Die ArchAndroid-Serie wurde für das neueste Album “Dirty Computer” etwas auf Eis gelegt, aber sowas macht man eben, wenn man die Möglichkeit hat, mit Prince zusammen zu arbeiten. Diesen Einfluss hört man auf “Make Me Feel” auch eindeutig. Insgesamt arbeitet Janelle auf “Dirty Computer” viel mehr mit klassischem R’n’B und Hip Hop, als auf den anderen Werken, sie rappt (“Django Jane”), hat Gitarren und Grimes mitgebracht (“Pynk”) und groovt wie eben auf “Make Me Feel”.

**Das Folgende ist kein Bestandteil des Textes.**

(* For $A$ and $B$ as in the setting, the following decomposition formulae hold: \[ e^{A+B} = e^{dcl_{A}(B)}e^{A} + O(\| B \|^2), \qquad e^{A+B} = e^{A} e^{dcr_{A}(B)} + O(\| B \|^2). \] Additionally, if $A$ satisfies $e^{a_j - a_k} \neq 1$ for all $j \neq k$, the following composition formulae hold: \[ e^{B} e^{A} = e^{A + cml_{A}(B)} + O(\| B \|^2), \qquad e^{A} e^{B} = e^{A + cmr_{A}(B)} + O(\| B \|^2), \] where $\| \cdot \|$ denotes the Frobenius norm.
   Context: Let $A, B \in \mathbb{C}^{m \times m}$ be square complex matrices, with $B$ a (sufficiently small) perturbation. Suppose that $A$ is diagonalizable (not necessarily unitarily diagonalizable), and let $A=\sum_i a_i P_i$ be its spectral decomposition, where $a_i$ are the distinct eigenvalues ($a_i \neq a_j$ if $i\neq j$) and $P_i$ are projections satisfying $P_i P_j = \delta_{ij} P_i$ and $\sum_j P_j = I_m$. Define complex numbers $\ell_{jk}(A) := 1$ if $j=k$ and $\ell_{jk}(A) := (e^{a_j - a_k} -1)/(a_j - a_k)$ if $j\neq k$. For any $X \in \mathbb{C}^{m \times m}$ define the linear maps $dcl_{A}(X) := \sum_{j,k} \ell_{jk}(A) P_j X P_k$, $dcr_{A}(X) := \sum_{j,k} \ell_{kj}(A) P_j X P_k$, $cml_{A}(X) := \sum_{j,k} \frac{1}{\ell_{jk}(A)} P_j X P_k$, $cmr_{A}(X) := \sum_{j,k} \frac{1}{\ell_{kj}(A)} P_j X P_k$. *)

From HB Require Import structures.
From mathcomp Require Import all_boot all_order all_algebra.
From mathcomp Require Import all_classical all_reals all_analysis.
From mathcomp Require Import complex.
Set Implicit Arguments. Unset Strict Implicit. Unset Printing Implicit Defensive.
Import Order.TTheory GRing.Theory Num.Theory.
Import numFieldNormedType.Exports.
Local Open Scope ring_scope.
Local Open Scope complex_scope.

Section Defs.
Variable R : realType.
Local Notation C := R[i].

Definition clim (u : nat -> C) : C :=
  (limn (fun n => complex.Re (u n))) +i* (limn (fun n => complex.Im (u n))).

Definition cexp (z : C) : C :=
  clim (fun N => \sum_(k < N) (k`!%:R)^-1 * z ^+ k).

Definition expm (m : nat) (M : 'M[C]_m) : 'M[C]_m :=
  \matrix_(i, j) clim (fun N => (\sum_(k < N) (k`!%:R)^-1 *: M ^+ k) i j).

Definition frob (m n : nat) (B : 'M[C]_(m, n)) : R :=
  Num.sqrt (\sum_i \sum_j (complex.Re (B i j) ^+ 2 + complex.Im (B i j) ^+ 2)).

(* ell_{jk}(A) for A = sum_i a_i P_i *)
Definition ell (r : nat) (a : 'I_r -> C) (j k : 'I_r) : C :=
  if j == k then 1 else (cexp (a j - a k) - 1) / (a j - a k).

Definition dcl (r m : nat) (a : 'I_r -> C) (P : 'I_r -> 'M[C]_m) (X : 'M[C]_m) :=
  \sum_j \sum_k ell a j k *: (P j *m X *m P k).
Definition dcr (r m : nat) (a : 'I_r -> C) (P : 'I_r -> 'M[C]_m) (X : 'M[C]_m) :=
  \sum_j \sum_k ell a k j *: (P j *m X *m P k).
Definition cml (r m : nat) (a : 'I_r -> C) (P : 'I_r -> 'M[C]_m) (X : 'M[C]_m) :=
  \sum_j \sum_k (ell a j k)^-1 *: (P j *m X *m P k).
Definition cmr (r m : nat) (a : 'I_r -> C) (P : 'I_r -> 'M[C]_m) (X : 'M[C]_m) :=
  \sum_j \sum_k (ell a k j)^-1 *: (P j *m X *m P k).

Definition bigO2 (m : nat) (F G : 'M[C]_m -> 'M[C]_m) : Prop :=
  exists K : R, exists2 d : R, 0 < d &
    forall B : 'M[C]_m, frob B < d -> frob (F B - G B) <= K * frob B ^+ 2.

End Defs.

(* Write Phi_jk := (e^(a_j) - e^(a_k)) / (a_j - a_k), with Phi_jj := e^(a_j).  Expanding
   (A + B)^k to first order in B inside the exponential series shows that the derivative of
   the exponential at A = sum_j a_j P_j is B |-> sum_jk Phi_jk P_j B P_k, so
   e^(A+B) = e^A + sum_jk Phi_jk P_j B P_k + O(|B|^2).  Since Phi_jk = ell_jk e^(a_k)
   = e^(a_j) ell_kj, this first-order term is both dcl_A(B) e^A and e^A dcr_A(B), and
   e^X = 1 + X + O(|X|^2) turns it into the decomposition formulae.  When no e^(a_j - a_k)
   equals 1, every ell_jk is nonzero, so cml_A and cmr_A invert dcl_A and dcr_A, and
   substituting them into the decomposition formulae gives the composition formulae.
   All estimates use the entrywise l1 norm, which is submultiplicative and equivalent to the
   Frobenius norm. *)

From HB Require Import structures.
From mathcomp Require Import all_boot all_order all_algebra.
From mathcomp Require Import all_classical all_reals all_analysis.
From mathcomp Require Import complex.
From mathcomp Require Import ring lra zify.
Import Order.TTheory GRing.Theory Num.Theory.
Import numFieldNormedType.Exports.
Import Normc.
Set Implicit Arguments. Unset Strict Implicit. Unset Printing Implicit Defensive.
Local Open Scope ring_scope.
Local Open Scope classical_set_scope.
Local Open Scope complex_scope.

Section L1Norm.
Variable R : rcfType.
Local Notation C := R[i].

Lemma normc_ge0 (z : C) : 0 <= normc z.
Proof. by case: z => a b; apply: sqrtr_ge0. Qed.

Lemma normc_ge_normRe (z : C) : `|complex.Re z| <= normc z.
Proof.
case: z => a b; rewrite /= -sqrtr_sqr ler_sqrt ?addr_ge0 ?sqr_ge0 //.
by rewrite lerDl sqr_ge0.
Qed.

Lemma normc_ge_normIm (z : C) : `|complex.Im z| <= normc z.
Proof.
case: z => a b; rewrite /= -sqrtr_sqr ler_sqrt ?addr_ge0 ?sqr_ge0 //.
by rewrite lerDr sqr_ge0.
Qed.

Lemma normc_le_normReIm (z : C) : normc z <= `|complex.Re z| + `|complex.Im z|.
Proof.
case: z => a b; rewrite /= -[X in _ <= X]ger0_norm ?addr_ge0 //.
rewrite -[X in _ <= X]sqrtr_sqr ler_sqrt ?sqr_ge0 // sqrrD !real_normK ?num_real //.
by rewrite addrAC lerDl mulrn_wge0 // mulr_ge0.
Qed.

Lemma normc_nat n : normc (n%:R : C) = n%:R.
Proof.
by rewrite -(rmorph_nat (real_complex R)) /normc /= expr0n addr0 sqrtr_sqr ger0_norm.
Qed.

Lemma normc_sqr (z : C) : normc z ^+ 2 = complex.Re z ^+ 2 + complex.Im z ^+ 2.
Proof. by case: z => a b; rewrite /= sqr_sqrtr // addr_ge0 ?sqr_ge0. Qed.

Lemma ler_normc_sum (I : Type) (s : seq I) (P : pred I) (f : I -> C) :
  normc (\sum_(i <- s | P i) f i) <= \sum_(i <- s | P i) normc (f i).
Proof.
elim/big_rec2: _ => [|i y x _ IH]; first by rewrite normc0.
exact: le_trans (le_normcD _ _) (lerD (lexx _) IH).
Qed.

Definition l1norm (m n : nat) (X : 'M[C]_(m, n)) : R := \sum_i \sum_j normc (X i j).

Section Rect.
Variables m n : nat.
Implicit Types X Y : 'M[C]_(m, n).

Lemma l1norm_ge0 X : 0 <= l1norm X.
Proof. by do 2![apply: sumr_ge0 => ? _]; apply: normc_ge0. Qed.

Lemma ler_l1normD X Y : l1norm (X + Y) <= l1norm X + l1norm Y.
Proof.
rewrite /l1norm -big_split ler_sum // => i _; rewrite -big_split ler_sum // => j _.
by rewrite mxE le_normcD.
Qed.

Lemma l1normN X : l1norm (- X) = l1norm X.
Proof. by apply: eq_bigr => i _; apply: eq_bigr => j _; rewrite mxE normcN. Qed.

Lemma l1normB X Y : l1norm (X - Y) = l1norm (Y - X).
Proof. by rewrite -l1normN opprB. Qed.

Lemma l1normZ c X : l1norm (c *: X) = normc c * l1norm X.
Proof.
rewrite /l1norm mulr_sumr; apply: eq_bigr => i _; rewrite mulr_sumr.
by apply: eq_bigr => j _; rewrite mxE normcM.
Qed.

Lemma l1norm0 : l1norm (0 : 'M[C]_(m, n)) = 0.
Proof. by rewrite /l1norm big1 // => i _; rewrite big1 // => j _; rewrite mxE normc0. Qed.

Lemma ler_normc_l1norm X i j : normc (X i j) <= l1norm X.
Proof.
rewrite /l1norm (bigD1 i) //= (bigD1 j) //= -addrA lerDl addr_ge0 //.
  by apply: sumr_ge0 => k _; apply: normc_ge0.
by do 2![apply: sumr_ge0 => ? _]; apply: normc_ge0.
Qed.

Lemma ler_l1norm_sum (I : Type) (s : seq I) (P : pred I) (F : I -> 'M[C]_(m, n)) :
  l1norm (\sum_(i <- s | P i) F i) <= \sum_(i <- s | P i) l1norm (F i).
Proof.
elim/big_rec2: _ => [|i y x _ IH]; first by rewrite l1norm0.
exact: le_trans (ler_l1normD _ _) (lerD (lexx _) IH).
Qed.

End Rect.

Lemma ler_l1normM (m n p : nat) (X : 'M[C]_(m, n)) (Y : 'M[C]_(n, p)) :
  l1norm (X *m Y) <= l1norm X * l1norm Y.
Proof.
rewrite /l1norm mulr_suml; apply: ler_sum => i _.
apply: (@le_trans _ _ (\sum_k \sum_j normc (X i j) * normc (Y j k))).
  apply: ler_sum => k _; rewrite mxE; apply: le_trans (ler_normc_sum _ _ _) _.
  by apply: ler_sum => j _; rewrite normcM.
rewrite exchange_big /= mulr_suml; apply: ler_sum => j _.
rewrite -mulr_sumr ler_wpM2l ?normc_ge0 //.
by rewrite (bigD1 j) //= lerDl; do 2![apply: sumr_ge0 => ? _]; apply: normc_ge0.
Qed.

Lemma l1norm1 (m : nat) : l1norm (1%:M : 'M[C]_m) = m%:R.
Proof.
rewrite /l1norm (eq_bigr (fun _ => 1)) ?sumr_const ?card_ord // => i _.
rewrite (bigD1 i) //= big1 ?addr0 ?mxE ?eqxx ?normc_nat // => j /negbTE.
by rewrite mxE eq_sym => ->; rewrite normc_nat.
Qed.

Lemma ler_l1norm_exprMl (m : nat) (X Y : 'M[C]_m) k :
  l1norm (X ^+ k *m Y) <= l1norm X ^+ k * l1norm Y.
Proof.
elim: k => [|k IH]; first by rewrite expr0 mul1mx mul1r.
rewrite exprS -mulmxE -mulmxA; apply: le_trans (ler_l1normM _ _) _.
by rewrite exprS -mulrA ler_wpM2l ?l1norm_ge0.
Qed.

Lemma ler_l1norm_expr (m : nat) (X : 'M[C]_m) k :
  l1norm (X ^+ k) <= m%:R * l1norm X ^+ k.
Proof. by have := ler_l1norm_exprMl X 1%:M k; rewrite mulmx1 l1norm1 mulrC. Qed.

End L1Norm.

Lemma sum_sqr_le_sqr_sum (R : numDomainType) (I : Type) (s : seq I) (f : I -> R) :
  (forall i, 0 <= f i) -> \sum_(i <- s) f i ^+ 2 <= (\sum_(i <- s) f i) ^+ 2.
Proof.
move=> f0; elim: s => [|x s IH]; first by rewrite !big_nil expr0n.
rewrite !big_cons sqrrD -addrA lerD2l; apply: le_trans IH _.
by rewrite lerDr mulrn_wge0 // mulr_ge0 // sumr_ge0.
Qed.

Section Frobenius.
Variable R : realType.
Variables m n : nat.
Implicit Type X : 'M[R[i]]_(m, n).

Lemma frob_normc X : frob X = Num.sqrt (\sum_i \sum_j normc (X i j) ^+ 2).
Proof.
by congr Num.sqrt; apply: eq_bigr => i _; apply: eq_bigr => j _; rewrite normc_sqr.
Qed.

Lemma frob_le_l1norm X : frob X <= l1norm X.
Proof.
rewrite frob_normc -(ger0_norm (l1norm_ge0 X)) -sqrtr_sqr ler_sqrt ?sqr_ge0 //.
apply: le_trans (sum_sqr_le_sqr_sum _ _) => [|i]; last first.
  by apply: sumr_ge0 => j _; apply: normc_ge0.
by apply: ler_sum => i _; apply: sum_sqr_le_sqr_sum => j; apply: normc_ge0.
Qed.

Um den Song mit einem Satz zu beschreiben: Es klingt so, wie Justin Timberlake auf seinem diesjährigen Album gerne geklungen hätte. Aber während sein Werk in der Bedeutungslosigkeit verschwunden ist, tanzen die Leute noch immer zu Janelle Monáe. Und werden dies auch noch in den kommenden Jahren tun.